Starting from the line that holds "exists D', is_delta", print every line through the end of the records, first and last included.

+ + + +

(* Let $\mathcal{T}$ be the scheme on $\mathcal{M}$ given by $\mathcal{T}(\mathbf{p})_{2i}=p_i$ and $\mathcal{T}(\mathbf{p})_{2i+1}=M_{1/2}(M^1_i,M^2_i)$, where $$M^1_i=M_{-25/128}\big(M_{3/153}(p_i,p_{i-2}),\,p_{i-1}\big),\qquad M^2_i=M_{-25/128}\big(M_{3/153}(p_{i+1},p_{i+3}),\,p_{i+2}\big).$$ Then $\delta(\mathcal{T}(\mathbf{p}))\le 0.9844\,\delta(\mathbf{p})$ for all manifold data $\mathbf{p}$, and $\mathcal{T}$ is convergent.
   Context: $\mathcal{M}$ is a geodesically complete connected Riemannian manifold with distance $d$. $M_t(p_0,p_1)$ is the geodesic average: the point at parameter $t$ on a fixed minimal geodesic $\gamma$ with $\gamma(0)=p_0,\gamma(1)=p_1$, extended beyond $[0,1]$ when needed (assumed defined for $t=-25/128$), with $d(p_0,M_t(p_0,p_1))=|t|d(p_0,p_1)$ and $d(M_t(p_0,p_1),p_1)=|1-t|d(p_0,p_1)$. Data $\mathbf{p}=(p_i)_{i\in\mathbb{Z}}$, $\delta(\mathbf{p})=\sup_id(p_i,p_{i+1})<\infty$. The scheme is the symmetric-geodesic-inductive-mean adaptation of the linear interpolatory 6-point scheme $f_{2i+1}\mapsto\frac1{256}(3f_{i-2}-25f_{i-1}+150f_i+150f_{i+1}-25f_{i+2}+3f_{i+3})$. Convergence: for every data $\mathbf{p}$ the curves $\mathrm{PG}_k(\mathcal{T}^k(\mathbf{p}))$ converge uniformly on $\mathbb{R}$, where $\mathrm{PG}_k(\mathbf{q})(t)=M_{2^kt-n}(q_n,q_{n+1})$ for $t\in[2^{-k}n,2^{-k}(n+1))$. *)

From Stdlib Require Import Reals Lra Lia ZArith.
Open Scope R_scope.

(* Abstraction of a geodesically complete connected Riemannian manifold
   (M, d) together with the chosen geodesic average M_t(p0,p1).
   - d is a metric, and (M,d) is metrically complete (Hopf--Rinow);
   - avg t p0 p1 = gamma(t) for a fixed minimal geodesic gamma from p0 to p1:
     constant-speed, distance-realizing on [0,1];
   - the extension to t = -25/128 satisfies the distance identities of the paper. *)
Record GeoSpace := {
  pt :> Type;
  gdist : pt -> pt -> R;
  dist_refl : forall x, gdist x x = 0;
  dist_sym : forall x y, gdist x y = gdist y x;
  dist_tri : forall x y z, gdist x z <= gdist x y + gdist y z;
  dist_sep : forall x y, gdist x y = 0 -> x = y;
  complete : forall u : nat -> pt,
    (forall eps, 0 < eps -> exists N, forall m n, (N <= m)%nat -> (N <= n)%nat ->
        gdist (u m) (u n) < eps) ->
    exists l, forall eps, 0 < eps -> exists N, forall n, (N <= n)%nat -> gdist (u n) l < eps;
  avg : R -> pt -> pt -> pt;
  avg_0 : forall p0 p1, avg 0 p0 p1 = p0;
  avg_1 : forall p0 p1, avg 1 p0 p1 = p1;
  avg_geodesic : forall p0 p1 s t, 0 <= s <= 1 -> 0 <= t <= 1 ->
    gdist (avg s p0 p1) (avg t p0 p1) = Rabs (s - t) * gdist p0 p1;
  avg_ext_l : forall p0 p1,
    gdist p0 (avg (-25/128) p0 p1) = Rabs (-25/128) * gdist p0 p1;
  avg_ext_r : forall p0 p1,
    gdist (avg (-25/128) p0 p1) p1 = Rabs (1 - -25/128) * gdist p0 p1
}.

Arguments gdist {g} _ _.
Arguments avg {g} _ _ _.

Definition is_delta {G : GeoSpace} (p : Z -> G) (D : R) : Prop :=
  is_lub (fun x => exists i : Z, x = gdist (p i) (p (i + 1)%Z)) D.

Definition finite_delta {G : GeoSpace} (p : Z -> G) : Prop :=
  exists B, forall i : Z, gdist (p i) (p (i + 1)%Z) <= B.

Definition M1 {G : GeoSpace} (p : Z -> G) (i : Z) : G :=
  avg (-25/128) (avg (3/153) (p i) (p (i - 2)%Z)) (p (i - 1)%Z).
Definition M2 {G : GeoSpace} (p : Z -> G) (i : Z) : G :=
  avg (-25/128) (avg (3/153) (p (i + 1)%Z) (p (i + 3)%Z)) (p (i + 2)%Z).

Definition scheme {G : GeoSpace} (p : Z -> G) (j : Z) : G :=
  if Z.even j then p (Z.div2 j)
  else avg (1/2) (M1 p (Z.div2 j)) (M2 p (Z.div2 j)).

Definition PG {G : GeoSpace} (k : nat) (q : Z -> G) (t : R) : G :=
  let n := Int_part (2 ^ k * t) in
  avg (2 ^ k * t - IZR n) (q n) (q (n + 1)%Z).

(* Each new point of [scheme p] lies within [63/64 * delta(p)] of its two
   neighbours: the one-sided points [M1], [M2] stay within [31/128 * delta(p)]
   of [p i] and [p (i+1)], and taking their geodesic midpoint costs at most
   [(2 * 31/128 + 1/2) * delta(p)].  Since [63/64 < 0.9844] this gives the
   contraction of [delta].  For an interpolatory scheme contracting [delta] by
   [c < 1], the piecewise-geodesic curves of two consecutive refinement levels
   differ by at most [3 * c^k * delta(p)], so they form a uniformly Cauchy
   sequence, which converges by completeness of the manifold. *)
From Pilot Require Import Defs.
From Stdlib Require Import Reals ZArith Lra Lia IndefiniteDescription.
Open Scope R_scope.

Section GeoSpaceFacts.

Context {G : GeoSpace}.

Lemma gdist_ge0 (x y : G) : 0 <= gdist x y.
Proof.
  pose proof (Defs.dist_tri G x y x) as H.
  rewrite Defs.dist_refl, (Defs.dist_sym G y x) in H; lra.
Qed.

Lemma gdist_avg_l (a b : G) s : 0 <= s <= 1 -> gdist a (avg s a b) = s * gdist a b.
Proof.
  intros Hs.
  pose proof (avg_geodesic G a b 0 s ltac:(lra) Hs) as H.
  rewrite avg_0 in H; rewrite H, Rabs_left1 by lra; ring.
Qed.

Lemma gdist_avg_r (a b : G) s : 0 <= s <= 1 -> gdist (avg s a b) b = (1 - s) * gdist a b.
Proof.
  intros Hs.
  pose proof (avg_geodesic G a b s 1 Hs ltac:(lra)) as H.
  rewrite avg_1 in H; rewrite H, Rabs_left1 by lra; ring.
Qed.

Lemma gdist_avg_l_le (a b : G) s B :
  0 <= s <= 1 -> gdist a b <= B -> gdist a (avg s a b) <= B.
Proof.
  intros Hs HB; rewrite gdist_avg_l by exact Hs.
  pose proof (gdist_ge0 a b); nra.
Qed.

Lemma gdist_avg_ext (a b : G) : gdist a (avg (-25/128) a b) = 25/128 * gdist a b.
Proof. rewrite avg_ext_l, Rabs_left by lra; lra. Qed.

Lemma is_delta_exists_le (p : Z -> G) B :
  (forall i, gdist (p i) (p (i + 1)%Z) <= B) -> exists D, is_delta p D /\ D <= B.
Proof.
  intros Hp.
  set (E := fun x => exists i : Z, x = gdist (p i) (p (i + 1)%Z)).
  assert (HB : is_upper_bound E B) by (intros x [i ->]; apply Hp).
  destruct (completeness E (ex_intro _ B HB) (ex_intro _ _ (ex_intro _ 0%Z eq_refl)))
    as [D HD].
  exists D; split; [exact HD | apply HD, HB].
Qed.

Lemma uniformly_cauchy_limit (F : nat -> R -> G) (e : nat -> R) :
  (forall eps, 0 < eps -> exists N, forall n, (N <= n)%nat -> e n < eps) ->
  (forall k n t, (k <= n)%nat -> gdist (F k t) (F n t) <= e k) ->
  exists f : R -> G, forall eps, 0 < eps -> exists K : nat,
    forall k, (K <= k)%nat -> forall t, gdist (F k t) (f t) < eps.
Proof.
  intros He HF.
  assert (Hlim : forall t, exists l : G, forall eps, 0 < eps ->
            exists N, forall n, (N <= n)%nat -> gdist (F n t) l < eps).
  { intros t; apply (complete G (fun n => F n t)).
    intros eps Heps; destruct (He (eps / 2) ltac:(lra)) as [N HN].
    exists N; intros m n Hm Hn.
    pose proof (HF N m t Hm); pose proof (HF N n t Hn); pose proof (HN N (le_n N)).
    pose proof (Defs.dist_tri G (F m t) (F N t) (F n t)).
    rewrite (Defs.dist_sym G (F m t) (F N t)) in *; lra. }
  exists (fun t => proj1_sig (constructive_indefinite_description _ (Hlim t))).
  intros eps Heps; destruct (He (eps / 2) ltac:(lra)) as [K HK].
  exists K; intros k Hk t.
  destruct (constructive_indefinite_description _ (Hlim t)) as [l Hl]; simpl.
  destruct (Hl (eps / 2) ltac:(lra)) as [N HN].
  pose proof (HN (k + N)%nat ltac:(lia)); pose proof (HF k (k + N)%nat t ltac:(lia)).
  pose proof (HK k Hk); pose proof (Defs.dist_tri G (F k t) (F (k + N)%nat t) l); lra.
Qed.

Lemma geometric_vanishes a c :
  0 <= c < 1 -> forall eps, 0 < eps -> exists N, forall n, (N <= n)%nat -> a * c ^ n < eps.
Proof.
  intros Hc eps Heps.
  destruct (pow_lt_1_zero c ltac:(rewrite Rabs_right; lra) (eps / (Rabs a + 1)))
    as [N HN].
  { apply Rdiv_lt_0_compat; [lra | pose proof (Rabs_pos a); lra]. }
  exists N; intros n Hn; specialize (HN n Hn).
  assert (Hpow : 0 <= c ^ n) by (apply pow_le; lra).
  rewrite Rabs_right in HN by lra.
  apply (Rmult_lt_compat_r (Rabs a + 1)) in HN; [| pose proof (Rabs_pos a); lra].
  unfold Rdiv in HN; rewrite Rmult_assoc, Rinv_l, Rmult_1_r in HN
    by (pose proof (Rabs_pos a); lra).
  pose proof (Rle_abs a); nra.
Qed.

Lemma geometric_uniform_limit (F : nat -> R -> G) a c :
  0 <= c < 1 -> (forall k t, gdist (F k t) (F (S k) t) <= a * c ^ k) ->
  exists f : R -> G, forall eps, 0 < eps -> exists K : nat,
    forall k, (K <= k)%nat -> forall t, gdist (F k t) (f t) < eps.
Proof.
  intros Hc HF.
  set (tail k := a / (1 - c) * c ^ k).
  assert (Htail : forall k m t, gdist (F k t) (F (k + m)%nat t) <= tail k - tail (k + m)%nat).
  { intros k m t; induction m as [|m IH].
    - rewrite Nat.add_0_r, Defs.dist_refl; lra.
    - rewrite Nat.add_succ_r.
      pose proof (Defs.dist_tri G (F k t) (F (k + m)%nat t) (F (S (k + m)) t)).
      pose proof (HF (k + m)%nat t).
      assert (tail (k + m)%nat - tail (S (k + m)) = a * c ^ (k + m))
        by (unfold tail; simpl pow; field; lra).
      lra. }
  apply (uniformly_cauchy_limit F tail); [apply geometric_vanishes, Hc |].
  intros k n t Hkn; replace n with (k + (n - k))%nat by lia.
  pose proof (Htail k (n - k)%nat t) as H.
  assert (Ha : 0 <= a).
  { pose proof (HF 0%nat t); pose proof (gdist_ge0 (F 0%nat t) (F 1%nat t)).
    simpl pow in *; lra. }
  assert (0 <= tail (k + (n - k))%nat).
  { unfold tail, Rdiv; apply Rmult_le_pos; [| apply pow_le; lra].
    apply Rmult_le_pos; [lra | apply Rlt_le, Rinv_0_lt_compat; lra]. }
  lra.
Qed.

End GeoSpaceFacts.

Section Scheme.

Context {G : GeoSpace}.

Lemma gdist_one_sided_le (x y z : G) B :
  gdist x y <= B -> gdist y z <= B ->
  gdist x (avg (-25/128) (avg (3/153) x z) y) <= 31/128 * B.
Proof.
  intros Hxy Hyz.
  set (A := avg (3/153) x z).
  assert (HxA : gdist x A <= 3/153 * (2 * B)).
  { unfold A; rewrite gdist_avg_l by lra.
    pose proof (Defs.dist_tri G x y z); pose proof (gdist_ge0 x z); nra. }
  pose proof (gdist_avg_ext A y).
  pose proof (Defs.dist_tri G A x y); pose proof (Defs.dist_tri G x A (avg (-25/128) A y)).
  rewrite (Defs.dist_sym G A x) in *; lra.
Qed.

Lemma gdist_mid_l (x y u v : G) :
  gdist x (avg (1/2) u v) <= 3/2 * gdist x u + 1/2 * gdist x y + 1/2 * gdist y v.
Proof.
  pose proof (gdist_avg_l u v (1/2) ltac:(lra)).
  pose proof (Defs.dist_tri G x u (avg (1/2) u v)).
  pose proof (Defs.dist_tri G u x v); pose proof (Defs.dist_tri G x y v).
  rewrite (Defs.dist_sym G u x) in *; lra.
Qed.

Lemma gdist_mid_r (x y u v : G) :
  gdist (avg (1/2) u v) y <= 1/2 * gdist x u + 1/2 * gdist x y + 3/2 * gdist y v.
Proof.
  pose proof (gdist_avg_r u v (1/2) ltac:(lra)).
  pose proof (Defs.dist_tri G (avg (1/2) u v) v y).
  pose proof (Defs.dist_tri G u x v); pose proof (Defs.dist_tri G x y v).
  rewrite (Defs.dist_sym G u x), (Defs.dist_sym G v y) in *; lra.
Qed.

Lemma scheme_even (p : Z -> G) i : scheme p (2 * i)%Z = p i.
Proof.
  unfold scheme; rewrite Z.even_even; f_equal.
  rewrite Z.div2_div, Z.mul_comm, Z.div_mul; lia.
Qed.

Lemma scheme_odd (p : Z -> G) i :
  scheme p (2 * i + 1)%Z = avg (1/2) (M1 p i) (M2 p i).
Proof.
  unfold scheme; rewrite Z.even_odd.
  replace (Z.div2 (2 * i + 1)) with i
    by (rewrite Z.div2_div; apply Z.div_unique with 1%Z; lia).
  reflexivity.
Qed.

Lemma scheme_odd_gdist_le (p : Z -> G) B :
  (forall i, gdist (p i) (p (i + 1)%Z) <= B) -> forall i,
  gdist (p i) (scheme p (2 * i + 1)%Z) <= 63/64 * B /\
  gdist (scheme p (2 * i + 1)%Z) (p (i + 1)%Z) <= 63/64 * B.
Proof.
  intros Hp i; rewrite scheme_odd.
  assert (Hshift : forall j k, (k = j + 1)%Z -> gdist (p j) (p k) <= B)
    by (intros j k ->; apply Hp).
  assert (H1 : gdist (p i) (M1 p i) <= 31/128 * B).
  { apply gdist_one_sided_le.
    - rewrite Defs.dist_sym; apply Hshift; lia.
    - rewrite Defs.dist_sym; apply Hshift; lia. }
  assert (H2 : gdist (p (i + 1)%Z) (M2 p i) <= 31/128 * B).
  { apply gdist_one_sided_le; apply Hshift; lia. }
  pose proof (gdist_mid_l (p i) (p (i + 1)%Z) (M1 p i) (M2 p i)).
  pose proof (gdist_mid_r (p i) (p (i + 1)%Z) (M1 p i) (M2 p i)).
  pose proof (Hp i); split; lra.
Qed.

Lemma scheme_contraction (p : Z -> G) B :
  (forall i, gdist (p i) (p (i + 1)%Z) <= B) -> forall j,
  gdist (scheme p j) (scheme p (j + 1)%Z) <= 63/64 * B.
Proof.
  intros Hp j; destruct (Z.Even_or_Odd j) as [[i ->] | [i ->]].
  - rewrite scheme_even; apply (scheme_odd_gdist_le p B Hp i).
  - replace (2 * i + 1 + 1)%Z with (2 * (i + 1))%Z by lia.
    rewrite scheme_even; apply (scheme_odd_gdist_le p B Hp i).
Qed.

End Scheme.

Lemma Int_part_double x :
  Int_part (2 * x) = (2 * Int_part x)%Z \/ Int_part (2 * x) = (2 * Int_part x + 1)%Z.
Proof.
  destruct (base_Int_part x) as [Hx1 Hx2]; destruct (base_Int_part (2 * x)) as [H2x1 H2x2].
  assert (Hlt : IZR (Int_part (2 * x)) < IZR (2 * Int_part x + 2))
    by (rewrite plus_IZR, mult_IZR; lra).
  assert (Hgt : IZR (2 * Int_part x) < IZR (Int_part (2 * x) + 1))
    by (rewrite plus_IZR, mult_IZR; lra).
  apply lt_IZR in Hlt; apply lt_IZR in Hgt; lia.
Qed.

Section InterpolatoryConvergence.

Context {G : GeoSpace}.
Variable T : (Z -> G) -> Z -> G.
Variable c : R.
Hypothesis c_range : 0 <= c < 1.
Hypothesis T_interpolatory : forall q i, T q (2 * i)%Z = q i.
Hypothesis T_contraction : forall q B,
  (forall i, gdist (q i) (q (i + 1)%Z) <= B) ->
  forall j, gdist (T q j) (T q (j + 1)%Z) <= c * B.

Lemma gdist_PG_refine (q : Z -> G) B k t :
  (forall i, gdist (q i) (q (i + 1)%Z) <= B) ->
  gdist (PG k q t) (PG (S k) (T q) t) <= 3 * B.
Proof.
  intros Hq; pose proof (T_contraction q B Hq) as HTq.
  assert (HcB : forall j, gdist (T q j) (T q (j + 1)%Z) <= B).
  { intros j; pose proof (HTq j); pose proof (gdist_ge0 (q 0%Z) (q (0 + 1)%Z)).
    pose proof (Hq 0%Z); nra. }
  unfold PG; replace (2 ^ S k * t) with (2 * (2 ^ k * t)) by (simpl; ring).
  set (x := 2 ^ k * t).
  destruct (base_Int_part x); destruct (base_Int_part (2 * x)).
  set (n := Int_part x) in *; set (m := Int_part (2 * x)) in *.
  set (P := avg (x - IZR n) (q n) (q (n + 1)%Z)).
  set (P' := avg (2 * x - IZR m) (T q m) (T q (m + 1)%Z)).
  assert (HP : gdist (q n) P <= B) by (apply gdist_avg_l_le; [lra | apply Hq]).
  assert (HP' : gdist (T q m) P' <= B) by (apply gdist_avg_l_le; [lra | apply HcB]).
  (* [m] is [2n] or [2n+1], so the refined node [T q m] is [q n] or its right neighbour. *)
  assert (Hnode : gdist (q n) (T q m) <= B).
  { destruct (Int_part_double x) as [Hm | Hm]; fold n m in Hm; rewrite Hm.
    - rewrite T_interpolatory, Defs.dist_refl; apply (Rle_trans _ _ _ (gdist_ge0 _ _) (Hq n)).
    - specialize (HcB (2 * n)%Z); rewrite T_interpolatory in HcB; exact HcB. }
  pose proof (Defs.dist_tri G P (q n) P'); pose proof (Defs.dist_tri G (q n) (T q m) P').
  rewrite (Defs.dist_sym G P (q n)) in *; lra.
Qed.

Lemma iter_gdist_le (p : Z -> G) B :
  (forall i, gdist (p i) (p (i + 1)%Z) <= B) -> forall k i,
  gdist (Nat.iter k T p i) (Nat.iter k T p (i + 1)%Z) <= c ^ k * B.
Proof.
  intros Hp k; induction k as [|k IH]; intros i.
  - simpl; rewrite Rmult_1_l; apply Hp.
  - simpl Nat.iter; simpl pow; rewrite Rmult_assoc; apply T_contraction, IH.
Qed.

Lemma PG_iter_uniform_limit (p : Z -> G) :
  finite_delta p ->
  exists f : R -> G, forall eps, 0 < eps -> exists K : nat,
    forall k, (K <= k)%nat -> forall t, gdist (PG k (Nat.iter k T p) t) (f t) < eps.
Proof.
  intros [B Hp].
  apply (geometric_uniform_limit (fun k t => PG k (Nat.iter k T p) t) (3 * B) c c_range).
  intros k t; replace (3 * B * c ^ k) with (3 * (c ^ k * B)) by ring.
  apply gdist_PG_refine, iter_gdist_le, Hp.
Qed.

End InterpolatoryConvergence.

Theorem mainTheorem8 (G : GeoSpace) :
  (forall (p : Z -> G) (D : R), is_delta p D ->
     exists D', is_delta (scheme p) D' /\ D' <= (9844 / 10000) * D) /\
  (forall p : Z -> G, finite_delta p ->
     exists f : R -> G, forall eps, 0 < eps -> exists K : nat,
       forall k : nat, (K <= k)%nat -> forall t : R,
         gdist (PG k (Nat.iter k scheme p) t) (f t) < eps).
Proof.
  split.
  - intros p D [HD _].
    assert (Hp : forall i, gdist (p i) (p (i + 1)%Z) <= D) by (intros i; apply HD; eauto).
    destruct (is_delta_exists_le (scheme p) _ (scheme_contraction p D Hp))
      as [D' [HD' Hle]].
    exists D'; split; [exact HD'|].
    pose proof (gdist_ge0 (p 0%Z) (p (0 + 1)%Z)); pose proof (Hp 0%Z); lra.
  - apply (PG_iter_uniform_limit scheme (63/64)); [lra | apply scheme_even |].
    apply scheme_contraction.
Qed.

+ + + +

- The completed task
     exists D', is_delta (scheme p) D' /\ D' <= (9844 / 10000) * D) /\
  (forall p : Z -> G, finite_delta p ->
     exists f : R -> G, forall eps, 0 < eps -> exists K : nat,
       forall k : nat, (K <= k)%nat -> forall t : R,
         gdist (PG k (Nat.iter k scheme p) t) (f t) < eps).
Proof.
  split.
  - intros p D [HD _].
    assert (Hp : forall i, gdist (p i) (p (i + 1)%Z) <= D) by (intros i; apply HD; eauto).
    destruct (is_delta_exists_le (scheme p) _ (scheme_contraction p D Hp))
      as [D' [HD' Hle]].
    exists D'; split; [exact HD'|].
    pose proof (gdist_ge0 (p 0%Z) (p (0 + 1)%Z)); pose proof (Hp 0%Z); lra.
  - apply (PG_iter_uniform_limit scheme (63/64)); [lra | apply scheme_even |].
    apply scheme_contraction.
Qed.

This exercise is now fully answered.